Сенат состоял из 54 человек. Девять из них были членами демократической партии, трое — сторонниками Джонсона. Эти 12 сенаторов в любом случае проголосовали бы за оправдание. Оставалось 42 республиканца. Для осуждения президента требовалось собрать не менее двух третей голосов, иначе говоря, его должны были поддержать минимум 36 сенаторов, т. е. значительно меньше, чем было республиканцев в верхней палате конгресса. Но республиканское большинство было расколото. Только 30 сенаторов заранее решили ответить «да» на вопрос о виновности президента. Как проголосуют 12 «умеренных» республиканцев, оставалось неизвестным. Достаточно было немногим более половины из них отвергнуть обвинение, чтобы оно не собрало необходимого большинства. Обе стороны не жалели сил, чтобы перетянуть голоса «болота», пуская в ход лесть, угрозы и обещания.

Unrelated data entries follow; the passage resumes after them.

Lemma sum_dffun_prod {R : comPzSemiRingType} {I : finType} {T_ : I -> finType}
    (F : forall i, T_ i -> R) :
  \sum_(x : {dffun forall i, T_ i}) \prod_i F i (x i) = \prod_i \sum_(a : T_ i) F i a.
Proof.
pose P_ i := [ffun a : T_ i => F i a].
rewrite (reindex (@dffun_of_fprod _ T_)); last exact/onW_bij/dffun_of_fprod_bij.
transitivity (\sum_(t : fprod T_) \prod_(i in I) P_ i (t i)).
  by apply: eq_bigr => t _; apply: eq_bigr => i _; rewrite /P_ !ffunE.
rewrite (big_fprod 1 (+%R : Monoid.add_law 0 *%R) P_).
transitivity (\prod_i \sum_(j | tagged_with T_ i j) untag 0 (P_ i) j).
  by rewrite bigA_distr_big_dep.
apply: eq_bigr => i _.
transitivity (\sum_(a : T_ i) P_ i a); last by apply: eq_bigr => a _; rewrite ffunE.
by rewrite (big_tag (fun i a => P_ i a) i); apply: eq_bigl => j; rewrite inE.
Qed.

Lemma sum_delta {R : pzSemiRingType} {I : finType} (c : I) (F : I -> R) :
  \sum_b (b == c)%:R * F b = F c.
Proof.
rewrite (bigD1 c) //= eqxx mul1r big1 ?addr0 // => b /negbTE ->.
by rewrite mul0r.
Qed.

Lemma sum_pair {V : nmodType} {I J : finType} (F : (I * J)%type -> V) :
  \sum_p F p = \sum_i \sum_j F (i, j).
Proof. by rewrite pair_bigA; apply: eq_bigr => -[]. Qed.

Section Operators.
Variables (C : numClosedFieldType) (T : finType).
Implicit Types (tau A B M V : op C T).

Definition q_opsub A B : op C T := fun x y => A x y - B x y.

Lemma q_opmulE A B x y : q_opmul A B x y = \sum_z A x z * B z y.
Proof. by []. Qed.
(* Let $p$ be an odd prime, $\ell\geq1$, $k\geq1$. Then $|\mathcal{C}_{k+1}((\mathbb{Z}/p^\ell\mathbb{Z})^2)|\approx (p^\ell)^{2k-1}$. More precisely, the good $(k+1)$-point configurations in $(\mathbb{Z}/p^\ell\mathbb{Z})^2$ determine $\approx(p^\ell)^{2k-1}$ equivalence classes, and the bad configurations determine $o((p^\ell)^{2k-1})$ equivalence classes.
   Context: For $R=\mathbb{Z}/p^\ell\mathbb{Z}$ and $x=(x_1,x_2),y=(y_1,y_2)\in R^2$, write $y^\perp=(y_2,-y_1)$, so $x\cdot y^\perp=x_1y_2-x_2y_1$. A $(k+1)$-point configuration is $x=(x^1,\dots,x^{k+1})\in(R^2)^{k+1}$; it is good if $x^i\cdot x^{j\perp}$ is a unit for some $i,j$, and bad otherwise. Two configurations $x,y$ are equivalent iff $x^i\cdot x^{j\perp}=y^i\cdot y^{j\perp}$ for all pairs $i,j$; $\mathcal{C}_{k+1}(R^2)$ is the set of equivalence classes (and goodness/badness is constant on classes). $X\approx Y$ means $C^{-1}Y\leq X\leq CY$ with $C$ independent of $p$ and $\ell$ (possibly depending on $k$); $o(Y)$ denotes a quantity whose ratio to $Y$ tends to $0$ as $p\to\infty$. *)

From HB Require Import structures.
From mathcomp Require Import all_boot all_order all_algebra.
Set Implicit Arguments. Unset Strict Implicit. Unset Printing Implicit Defensive.
Import Order.TTheory GRing.Theory Num.Theory.
Local Open Scope ring_scope.

Definition pt (n : nat) : finType := ('Z_n * 'Z_n)%type.

Definition dotperp (n : nat) (x y : pt n) : 'Z_n := x.1 * y.2 - x.2 * y.1.

Definition config (n k : nat) : finType := {ffun 'I_k.+1 -> pt n}.

Definition good (n k : nat) (x : config n k) : bool :=
  [exists i : 'I_k.+1, exists j : 'I_k.+1, dotperp (x i) (x j) \is a GRing.unit].

Definition bad (n k : nat) (x : config n k) : bool := ~~ good x.

Definition cequiv (n k : nat) : rel (config n k) :=
  fun x y => [forall i : 'I_k.+1, forall j : 'I_k.+1,
                dotperp (x i) (x j) == dotperp (y i) (y j)].

Definition classes (n k : nat) : {set {set config n k}} :=
  equivalence_partition (@cequiv n k) [set: config n k].

Definition good_classes (n k : nat) : {set {set config n k}} :=
  equivalence_partition (@cequiv n k) [set x | good x].
Definition bad_classes (n k : nat) : {set {set config n k}} :=
  equivalence_partition (@cequiv n k) [set x | bad x].

(* Two configurations are equivalent iff they have the same Gram data
   [x^i . x^j^perp], so we count Gram data.  If [u = x^i . x^j^perp] is a unit, a
   determinant-one linear map sends [x^i] to (1, 0) and [x^j] to (0, u) without changing
   the Gram data; the Gram data of such a normal form determines [u] and the other
   [k - 1] points.  Hence there are between [phi(q) q^(2k-2)] and [(k+1)^2 q^(2k-1)]
   good classes over [Z/qZ].  A bad configuration over [Z/p^(l+1)Z] has Gram data [p]
   times that of a configuration, which only matters modulo [p^l]; so there are at most
   as many bad classes modulo [p^(l+1)] as classes modulo [p^l], and a single one
   modulo [p].  Induction on [l] bounds all classes by [2(k+1)^2 q^(2k-1)], and the bad
   ones by that bound divided by [p]. *)

From HB Require Import structures.
From mathcomp Require Import all_boot all_order all_algebra.
From mathcomp Require Import ring lra zify.
Import Order.TTheory GRing.Theory Num.Theory.
Local Open Scope ring_scope.

Definition gram {n k : nat} (x : config n k) : {ffun 'I_k.+1 * 'I_k.+1 -> 'Z_n} :=
  [ffun ij => dotperp (x ij.1) (x ij.2)].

26 мая 1868 года при решающем голосовании с осознанным или неосознанным фарисейством часть колеблющихся сенаторов сыграли роль «защитников конституции». За осуждение высказались 35 сенаторов, против — 19, до двух третей недоставало одного голоса…

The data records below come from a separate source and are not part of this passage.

Lemma cesaro_sublinear a (l : R) :
  (fun t => (\sum_(s < t) a s) / t%:R) @ \oo --> l ->
  sublinear (fun t => \sum_(s < t) (a s - l)).
Proof.
move=> /cvgrPdist_le a_cvg eps eps_gt0; have [M _ near_l] := a_cvg eps eps_gt0.
pose K := \sum_(s < M) `|\sum_(r < s) (a r - l)|.
have K_ge0 : 0 <= K by apply: sumr_ge0.
exists K => s; have epss_ge0 : 0 <= eps * s%:R by rewrite mulr_ge0 // ltW.
have [s_lt|s_ge] := ltnP s M.
  suff : `|\sum_(r < s) (a r - l)| <= K by lra.
  by rewrite /K (bigD1 (Ordinal s_lt)) //= lerDl sumr_ge0.
have [->|s_gt0] := posnP s; first by rewrite big_ord0 normr0 mulr0 add0r.
have s_pos : 0 < s%:R :> R by rewrite ltr0n.
have -> : \sum_(r < s) (a r - l) = s%:R * ((\sum_(r < s) a r) / s%:R - l).
  by rewrite sumrB sumr_const card_ord -mulr_natl; field; rewrite gt_eqF.
rewrite normrM ger0_norm // distrC mulrC.
have := ler_wpM2r (ltW s_pos) (near_l s s_ge); lra.
Qed.

Lemma sum_lipschitz_mul_sublinear Y a L :
  Y 0%N = 0 -> (forall s, `|Y s.+1 - Y s| <= L) ->
  sublinear (fun t => \sum_(s < t) a s) ->
  forall eps, 0 < eps ->
  exists K, forall t, `|\sum_(s < t) Y s * a s| <= eps * t%:R ^+ 2 + K * t%:R.
Proof.
move=> Y0 YL a_sub eps eps_gt0.
have L_ge0 : 0 <= L := le_trans (normr_ge0 _) (YL 0%N).
pose eta := eps / (2 * L + 1).
have eta_gt0 : 0 < eta by rewrite divr_gt0 //; lra.
have etaL : 2 * L * eta <= eps.
  by rewrite /eta mulrA ler_pdivrMr; nra.
have [K0 a_le] := a_sub eta eta_gt0.
exists (2 * L * K0) => t.
have t_ge0 : 0 <= t%:R :> R by [].
have a_le_t s : (s <= t)%N -> `|\sum_(r < s) a r| <= eta * t%:R + K0.
  move=> st; apply: le_trans (a_le s) _; rewrite lerD2r.
  by apply: ler_wpM2l; [exact: ltW | rewrite ler_nat].
have head : `|Y t * \sum_(r < t) a r| <= L * t%:R * (eta * t%:R + K0).
  rewrite normrM; apply: ler_pM; [by [] | by [] | | exact: a_le_t].
  exact: lipschitz_from0_le.
have tail : `|\sum_(s < t) (Y s.+1 - Y s) * \sum_(r < s.+1) a r| <=
            t%:R * (L * (eta * t%:R + K0)).
  apply: le_trans (ler_norm_sum _ _ _) _.
  rewrite mulr_natl -[X in _ *+ X]card_ord -sumr_const; apply: ler_sum => s _.
  by rewrite normrM ler_pM // a_le_t.
rewrite sum_by_parts; apply: le_trans (ler_normB _ _) _.
have : 0 <= (eps - 2 * L * eta) * t%:R ^+ 2 by rewrite mulr_ge0 ?sqr_ge0 ?subr_ge0.
nra.
Qed.

End PartialSums.

Section Subsequences.
Variable R : realType.

Lemma strictly_increasing_cvgn (tt : nat -> nat) :
  strictly_increasing tt -> tt @ \oo --> \oo.
Proof.
move=> tt_incr; have tt_ge c : (c <= tt c)%N.
  by elim: c => // c IH; apply: leq_ltn_trans IH (tt_incr _ _ (ltnSn c)).
apply/cvgnyPge => M; near=> c; apply: leq_trans (tt_ge c).
by near: c; apply: nbhs_infty_ge.
Unshelve. all: end_near.
Qed.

Джонсон еще на целый год остался в Белом доме. Его сменил там весной 1869 года кандидат радикальных республиканцев генерал Уилис Грант, переизбранный в 1872 году на второй срок. В правление Гранта происходила быстрая дезинтеграция радикальных республиканцев, которые прогрессивную роль уже сыграли. Многие из их лидеров превратились даже в участников темных финансовых афер.

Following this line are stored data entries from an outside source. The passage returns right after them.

(* Consider $2$ agents with additive, normalized (not necessarily identical) valuations, and online algorithms without access to predictions. For any given $a\in(0,1]$, there is no online algorithm that guarantees an $a$-EFX allocation, even if the time horizon $T$ is known to the algorithm in advance.
   Context: Online fair division model: there is a set $N=[n]$ of agents and goods $g_1,\dots,g_T$ arriving one per time step. Each agent $i$ has an additive normalized valuation $v_i$ ($v_i(g_t)\ge0$, $\sum_{t=1}^T v_i(g_t)=1$, $v_i(S)=\sum_{g\in S}v_i(g)$). When $g_t$ arrives, the values $v_i(g_t)$ of all agents are revealed and $g_t$ must be immediately and irrevocably allocated to one agent. For a bundle $S\ne\emptyset$ and valuation $f$, $\bar S^f=S\setminus\{g\}$ with $g\in\arg\max_{g'\in S}f(S\setminus\{g'\})$, and $\bar\emptyset^f=\emptyset$. For $a\in[0,1]$, an allocation $(A_1,\dots,A_n)$ is $a$-EFX if $v_i(A_i)\ge a\cdot v_i(\bar{A_j}^{v_i})$ for all $i,j$. An algorithm guarantees an $a$-EFX allocation if for every admissible input the final allocation is $a$-EFX with respect to the true valuations. *)

From mathcomp Require Import all_boot all_order all_algebra.
From mathcomp Require Import reals.
Set Implicit Arguments. Unset Strict Implicit. Unset Printing Implicit Defensive.
Import Order.TTheory GRing.Theory Num.Theory.
Local Open Scope ring_scope.

Section OnlineFairDivision.
Variables (R : realType) (n T : nat).

(* An input: v i t = value of good g_{t+1} (t = 0, ..., T-1) for agent i. *)
Definition instance := 'I_n -> nat -> R.

Definition admissible (v : instance) : Prop :=
  (forall (i : 'I_n) (t : 'I_T), 0 <= v i t) /\
  (forall i : 'I_n, \sum_(t < T) v i t = 1).

Definition val (v : instance) (i : 'I_n) (S : {set 'I_T}) : R :=
  \sum_(t in S) v i t.

Definition bar (f : {set 'I_T} -> R) (S : {set 'I_T}) : {set 'I_T} :=
  match [pick g in S] with
  | Some g0 => S :\ Order.arg_max g0 (fun g => g \in S) (fun g => f (S :\ g))
  | None => set0
  end.

Definition aEFX (a : R) (v : instance) (A : 'I_n -> {set 'I_T}) : Prop :=
  forall i j : 'I_n, val v i (A i) >= a * val v i (bar (val v i) (A j)).

(* A (deterministic) online algorithm for horizon T: when good t arrives, it
   sees the values of all goods 0..t for all agents (the history) and outputs
   the agent receiving good t. *)
Definition online_alg := seq ('I_n -> R) -> 'I_n.

Definition history (v : instance) (t : nat) : seq ('I_n -> R) :=
  mkseq (fun s => fun i => v i s) t.+1.

Definition run (alg : online_alg) (v : instance) : 'I_n -> {set 'I_T} :=
  fun j => [set t : 'I_T | alg (history v t) == j].

End OnlineFairDivision.

From Pilot Require Import Defs.
From mathcomp Require Import all_boot all_order all_algebra.
From mathcomp Require Import boolp reals ring lra.
Import Order.TTheory GRing.Theory Num.Theory.
Local Open Scope ring_scope.

Set Implicit Arguments. Unset Strict Implicit. Unset Printing Implicit Defensive.

(* The adversary first shows a good that both agents value at 0; call j0 the
   agent who receives it and i0 the other one. In the instance W_s, agent i0
   values goods 1..s at 1/m each and good s+1 at the remainder 1 - s/m, while
   j0 values only good s+1. The instances W_s coincide on goods 0..s, so up to
   round s the algorithm behaves on W_s as on W_m. Let s be the first good in
   1..m that i0 receives in W_m. If there is none, i0 ends with value 0 while
   j0's bundle without the worthless good is worth 1 to i0. Otherwise play W_s:
   if i0 also receives good s+1, then j0 has value 0 but values i0's bundle
   without good s at 1; if j0 receives it, i0 has value at most 1/m while j0's
   bundle without good 0 is worth at least 1 - 1/m to i0. Since a zero-valued
   good may always be the one removed in the EFX comparison, each case violates
   a-EFX as soon as 1/m < a (1 - 1/m). *)

Section Bundles.
Variables (R : realType) (n T : nat) (v : instance R n) (i : 'I_n).

Lemma val_setD1 (S : {set 'I_T}) t :
  t \in S -> Defs.val v i S = v i t + Defs.val v i (S :\ t).
Proof.
move=> tS; rewrite /Defs.val (bigD1 t) //=; congr (_ + _).
by apply: eq_bigl => u; rewrite in_setD1 andbC.
Qed.

Lemma val_setC (S : {set 'I_T}) :
  Defs.val v i (~: S) = \sum_(t < T) v i t - Defs.val v i S.
Proof.
rewrite /Defs.val [X in X - _](bigID (fun t => t \in S)) /= addrAC subrr add0r.
by apply: eq_bigl => t; rewrite inE.
Qed.

Lemma val_le_bar (S : {set 'I_T}) t :
  t \in S -> Defs.val v i (S :\ t) <= Defs.val v i (bar (Defs.val v i) S).
Proof.
move=> tS; rewrite /bar; case: pickP => [g0 g0S|/(_ t)]; last by rewrite tS.
by case: arg_maxP => // g _; apply.
Qed.

Lemma val_le_point (S : {set 'I_T}) (t0 : 'I_T) :
  0 <= v i t0 -> (forall t, t \in S -> t != t0 -> v i t = 0) ->
  Defs.val v i S <= v i t0.
Proof.
move=> ge0 zero; have [t0S|t0S] := boolP (t0 \in S).
  rewrite (val_setD1 t0S) /Defs.val big1 ?addr0 // => t.
  by rewrite in_setD1 => /andP[/zero].
rewrite /Defs.val big1 // => t tS; apply: zero => //.
by apply: contraNneq t0S => <-.
Qed.

Lemma not_aEFX_of_zero_good (a b : R) (A : 'I_n -> {set 'I_T}) j z :
  0 < a -> z \in A j -> v i z = 0 ->
  Defs.val v i (A i) <= b -> 1 - b <= Defs.val v i (A j) -> b < a * (1 - b) ->
  ~ aEFX a v A.
Proof.
move=> a_gt0 zA vz own other ab /(_ i j) efx.
have barA := val_le_bar zA; rewrite (val_setD1 zA) vz add0r in other.
have : a * (1 - b) <= a * Defs.val v i (bar (Defs.val v i) (A j)).
  by rewrite ler_pM2l //; apply: le_trans other barA.
lra.
Qed.

End Bundles.

Section TwoAgents.
Variables (R : realType) (T : nat) (alg : online_alg R 2).

Lemma history_eq n (v w : instance R n) t :
  (forall k u, (u <= t)%N -> v k u = w k u) -> history v t = history w t.
Proof.
move=> vw; apply/eq_in_map => u; rewrite mem_iota ltnS => /andP[_ ut].
by apply/funext => k; apply: vw.
Qed.

Lemma mem_run v j (t : 'I_T) : (t \in run T alg v j) = (alg (history v t) == j).
Proof. by rewrite inE. Qed.

Lemma ord2_other (i j k : 'I_2) : i != j -> k != i -> k = j.
Proof.
by case: i j k => [[|[|//]] ?] [[|[|//]] ?] [[|[|//]] ?] //= _ _; apply/val_inj.
Qed.

Lemma run2_setC v (i j : 'I_2) : i != j -> run T alg v j = ~: run T alg v i.
Proof.
move=> ij; apply/setP => t; rewrite !inE.
have [->|ki] := eqVneq (alg (history v t)) i; first by rewrite (negbTE ij).
by rewrite (ord2_other ij ki) eqxx.
Qed.

Lemma not_aEFX_run2 (a b : R) v (i j : 'I_2) (z : 'I_T) :
  0 < a -> admissible T v -> i != j -> z \in run T alg v j -> v i z = 0 ->
  Defs.val v i (run T alg v i) <= b -> b < a * (1 - b) ->
  ~ aEFX a v (run T alg v).
Proof.
move=> a_gt0 [_ sum1] ij zA vz own.
have other : 1 - b <= Defs.val v i (run T alg v j).
  by rewrite (run2_setC _ ij) val_setC sum1; lra.
exact: not_aEFX_of_zero_good zA vz own other.
Qed.

End TwoAgents.

Section HardInstance.
Variables (R : realType) (m : nat).

Definition spread (s t : nat) : R :=
  if (0 < t <= s)%N then m%:R^-1
  else if t == s.+1 then 1 - s%:R / m%:R else 0.

Definition spike (s t : nat) : R := if t == s.+1 then 1 else 0.

Definition hard_instance (i : 'I_2) (s : nat) : instance R 2 :=
  fun k t => if k == i then spread s t else spike s t.

Lemma hard_instance_self i s t : hard_instance i s i t = spread s t.
Proof. by rewrite /hard_instance eqxx. Qed.

Lemma hard_instance_other i k s t : k != i -> hard_instance i s k t = spike s t.
Proof. by rewrite /hard_instance => /negbTE ->. Qed.

Lemma spread0 s : spread s 0 = 0.
Proof. by rewrite /spread. Qed.

Lemma spread_mid s t : (0 < t <= s)%N -> spread s t = m%:R^-1.
Proof. by rewrite /spread => ->. Qed.

Lemma spread_next s : spread s s.+1 = 1 - s%:R / m%:R.
Proof. by rewrite /spread ltnn andbF eqxx. Qed.

Lemma spread_high s t : (s.+1 < t)%N -> spread s t = 0.
Proof.
by move=> st; rewrite /spread gtn_eqF // (leqNgt t s) (ltnW st) andbF.
Qed.

Lemma history_hard_instance0 i s : history (hard_instance i s) 0 = [:: fun=> 0].
Proof.
congr [:: _]; apply/funext => k.
by rewrite /hard_instance spread0; case: (k == i).
Qed.

Hypothesis m_gt0 : (0 < m)%N.

Lemma spread_ge0 s t : (s <= m)%N -> 0 <= spread s t.
Proof.
move=> sm; rewrite /spread; case: ifP => _; first by rewrite invr_ge0.
case: ifP => // _; rewrite subr_ge0 ler_pdivrMr ?ltr0n // mul1r ler_nat //.
Qed.

Lemma sum_spread s : (s <= m)%N -> \sum_(t < m.+2) spread s t = 1.
Proof.
move=> sm.
have low : \sum_(1 <= t < s.+1) spread s t = s%:R / m%:R.
  rewrite (eq_big_nat _ _ (F2 := fun=> m%:R^-1)) => [|t /spread_mid //].
  by rewrite sumr_const_nat subSS subn0 mulr_natl.
have high : \sum_(s.+2 <= t < m.+2) spread s t = 0.
  by rewrite big_nat_cond big1 // => t /andP[/andP[st _] _]; apply: spread_high.
rewrite -(big_mkord xpredT (spread s)) (big_cat_nat _ (n := s.+1)) //=; last first.
  by rewrite !ltnS ltnW.
rewrite big_ltn // (@big_ltn _ _ _ s.+1) ?ltnS // spread0 spread_next low high.
by rewrite add0r addr0 addrCA subrr addr0.
Qed.

Lemma sum_spike s : (s <= m)%N -> \sum_(t < m.+2) spike s t = 1.
Proof.
move=> sm; have s1_lt : (s.+1 < m.+2)%N by rewrite !ltnS.
by rewrite -big_mkcond (big_pred1 (Ordinal s1_lt)).
Qed.

Lemma hard_instance_admissible i s :
  (s <= m)%N -> admissible m.+2 (hard_instance i s).
Proof.
move=> sm; split=> [k t|k]; rewrite /hard_instance; case: (k == i).
- exact: spread_ge0.
- by rewrite /spike; case: ifP.
- exact: sum_spread.
- exact: sum_spike.
Qed.

Lemma hard_instance_prefix i s k u :
  (u <= s <= m)%N -> hard_instance i s k u = hard_instance i m k u.
Proof.
case/andP=> us sm; rewrite /hard_instance /spike /spread.
have um := leq_trans us sm.
by rewrite !(ltn_eqF (leq_ltn_trans _ (ltnSn _))) // us um.
Qed.

Lemma history_hard_instance i s t :
  (t <= s <= m)%N ->
  history (hard_instance i s) t = history (hard_instance i m) t.
Proof.
case/andP=> ts sm; apply: history_eq => k u ut.
by apply: hard_instance_prefix; rewrite (leq_trans ut ts).
Qed.

End HardInstance.

Lemma exists_hard_size (R : realType) (a : R) :
  0 < a -> exists2 m : nat, (0 < m)%N & m%:R^-1 < a * (1 - m%:R^-1).
Proof.
move=> a_gt0; set x := a^-1 * (1 + a).
have x_gt0 : 0 < x by rewrite mulr_gt0 ?invr_gt0 //; lra.
have xm := archi_boundP (ltW x_gt0); set m := Num.bound x in xm.
have m_gt0 : 0 < m%:R :> R by apply: lt_trans xm.
exists m; first by rewrite -(ltr0n R).
have am : 1 + a < a * m%:R.
  by rewrite -(ltr_pM2l a_gt0) mulrA mulfV ?gt_eqF // mul1r in xm.
rewrite -subr_gt0 (_ : _ - _ = (a * m%:R - a - 1) / m%:R); last first.
  by field; rewrite gt_eqF.
by rewrite divr_gt0 //; lra.
Qed.

Section Adversary.
Variables (R : realType) (a : R) (m : nat).
Variables (alg : online_alg R 2) (i0 j0 : 'I_2).
Hypotheses (a_gt0 : 0 < a) (m_gt0 : (0 < m)%N).
Hypothesis m_large : m%:R^-1 < a * (1 - m%:R^-1).
Hypotheses (i0j0 : i0 != j0) (first_to_j0 : alg [:: fun=> 0] = j0).

Local Notation inst := (hard_instance R m i0).
Local Notation alloc s := (run m.+2 alg (inst s)).

Definition i0_takes (t : nat) : bool :=
  (0 < t <= m)%N && (alg (history (inst m) t) == i0).

Lemma alloc_i0_pos s (t : 'I_m.+2) : t \in alloc s i0 -> (0 < t)%N.
Proof.
rewrite mem_run lt0n; apply: contraTneq => ->.
by rewrite history_hard_instance0 first_to_j0 eq_sym.
Qed.

Lemma alloc_j0 s : alloc s j0 = ~: alloc s i0.
Proof. exact: run2_setC. Qed.

Lemma good0_alloc_j0 s : (ord0 : 'I_m.+2) \in alloc s j0.
Proof. by rewrite mem_run history_hard_instance0 first_to_j0. Qed.

Lemma never_takes_violation :
  ~ (exists t, i0_takes t) -> ~ aEFX a (inst m) (alloc m).
Proof.
move=> no_take.
have last0 : inst m i0 (@ord_max m.+1) = 0.
  by rewrite hard_instance_self spread_next divff ?subrr // pnatr_eq0 -lt0n.
apply: (not_aEFX_run2 (b := 0) a_gt0 _ i0j0 (good0_alloc_j0 m)).
- exact: hard_instance_admissible.
- by rewrite hard_instance_self spread0.
- rewrite -last0; apply: val_le_point => [|t ti0 t_max]; first by rewrite last0.
  have t_le : (t <= m)%N.
    have := ltn_ord t; rewrite ltnS leq_eqVlt => /orP[/eqP t_eq|//].
    by case/eqP: t_max; apply: val_inj.
  case: no_take; exists t.
  by rewrite /i0_takes (alloc_i0_pos ti0) t_le -mem_run.
- by rewrite subr0 mulr1.
Qed.

Section FirstTake.
Variable s : nat.
Hypothesis takes_s : i0_takes s.
Hypothesis first_s : forall t, i0_takes t -> (s <= t)%N.

Let s_le : (s <= m)%N. Proof. by case/andP: takes_s => /andP[]. Qed.
Let gs : 'I_m.+2 := Ordinal (leq_trans s_le (leqnSn m.+1) : (s < m.+2)%N).
Let gs1 : 'I_m.+2 := Ordinal (s_le : (s.+1 < m.+2)%N).

Lemma decision_prefix t :
  (t <= s)%N -> alg (history (inst s) t) = alg (history (inst m) t).
Proof. by move=> ts; rewrite history_hard_instance // ts s_le. Qed.

Lemma first_take_alloc : gs \in alloc s i0.
Proof. by rewrite mem_run decision_prefix //; case/andP: takes_s. Qed.

Lemma next_to_i0_violation : gs1 \in alloc s i0 -> ~ aEFX a (inst s) (alloc s).
Proof.
move=> next; have j0i0 : j0 != i0 by rewrite eq_sym.
apply: (not_aEFX_run2 (b := 0) (z := gs) a_gt0 _ j0i0 first_take_alloc).
- exact: hard_instance_admissible.
- by rewrite hard_instance_other // /spike /gs /= ltn_eqF.
- have zero0 : inst s j0 (ord0 : 'I_m.+2) = 0 by rewrite hard_instance_other.
  rewrite -zero0; apply: val_le_point => [|t tj0 _]; first by rewrite zero0.
  rewrite hard_instance_other // /spike ifN //; apply: contraTneq tj0 => t_next.
  by rewrite alloc_j0 inE negbK (_ : t = gs1) //; apply: val_inj.
- by rewrite subr0 mulr1.
Qed.

Lemma next_to_j0_violation : gs1 \in alloc s j0 -> ~ aEFX a (inst s) (alloc s).
Proof.
move=> next.
apply: (not_aEFX_run2 (b := m%:R^-1) a_gt0 _ i0j0 (good0_alloc_j0 s)) => //.
- exact: hard_instance_admissible.
- by rewrite hard_instance_self spread0.
- have own : inst s i0 gs = m%:R^-1.
    rewrite hard_instance_self spread_mid // /gs /= leqnn andbT.
    by case/andP: takes_s => /andP[].
  rewrite -own; apply: val_le_point => [|t ti0 t_s].
    by rewrite own invr_ge0.
  rewrite hard_instance_self; case: (ltngtP t s) => [t_lt|t_gt|t_eq].
  + have : i0_takes t.
      rewrite /i0_takes (alloc_i0_pos ti0) (leq_trans (ltnW t_lt) s_le).
      by rewrite -decision_prefix ?(ltnW t_lt) // -mem_run.
    by move/first_s; rewrite leqNgt t_lt.
  + case: (ltngtP t s.+1) => [|t_high|t_next]; first by rewrite ltnS leqNgt t_gt.
      exact: spread_high.
    have gs1_t : gs1 = t by apply: val_inj; rewrite /gs1 /= t_next.
    by move: next; rewrite alloc_j0 inE gs1_t ti0.
  + by case/eqP: t_s; apply: val_inj.
Qed.

Lemma first_take_violation : ~ aEFX a (inst s) (alloc s).
Proof.
have [next|next] := boolP (gs1 \in alloc s i0).
  exact: next_to_i0_violation.
by apply: next_to_j0_violation; rewrite alloc_j0 inE.
Qed.

End FirstTake.
End Adversary.

Theorem theorem3p4 (R : realType) (a : R) (ha : 0 < a) (ha1 : a <= 1)
  (alg : forall T : nat, online_alg R 2) :
  exists (T : nat) (v : instance R 2),
    admissible T v /\ ~ aEFX a v (run T (alg T) v).
Proof.
have [m m_gt0 m_large] := exists_hard_size ha.
set j0 := alg m.+2 [:: fun=> 0]; set i0 := lift j0 (ord0 : 'I_1).
have i0j0 : i0 != j0 by rewrite eq_sym neq_lift.
have [[t takes_t]|no_take] := pselect (exists t, i0_takes m (alg m.+2) i0 t).
- have [s takes_s first_s] := ex_minnP (ex_intro _ t takes_t).
  exists m.+2, (hard_instance R m i0 s); split.
    by apply: hard_instance_admissible; case/andP: takes_s => /andP[].
  exact: (first_take_violation ha m_gt0 m_large i0j0 erefl takes_s first_s).
- exists m.+2, (hard_instance R m i0 m); split.
    exact: hard_instance_admissible.
  exact: (never_takes_violation ha m_gt0 i0j0 erefl no_take).
Qed.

У этих дельцов ничего не осталось от благородного огня, которым некогда горел Тадеуш Стивенс, похороненный, по его желанию, на скромном негритянском кладбище (даже собственную смерть он хотел превратить в демонстрацию против расовой дискриминации, борьбе с которой он отдал свою жизнь). Шли годы. У северной буржуазии было все меньше причин и охоты ссориться с южными плантаторами. Когда в 1877 году Гранта сменил в Белом доме республиканец Хейс, с реконструкцией Юга было покончено. Негры были преданы республиканской партией, в южных штатах воцарилась система жесточайшего расового гнета. Таков был эпилог единственного в истории США суда над президентом.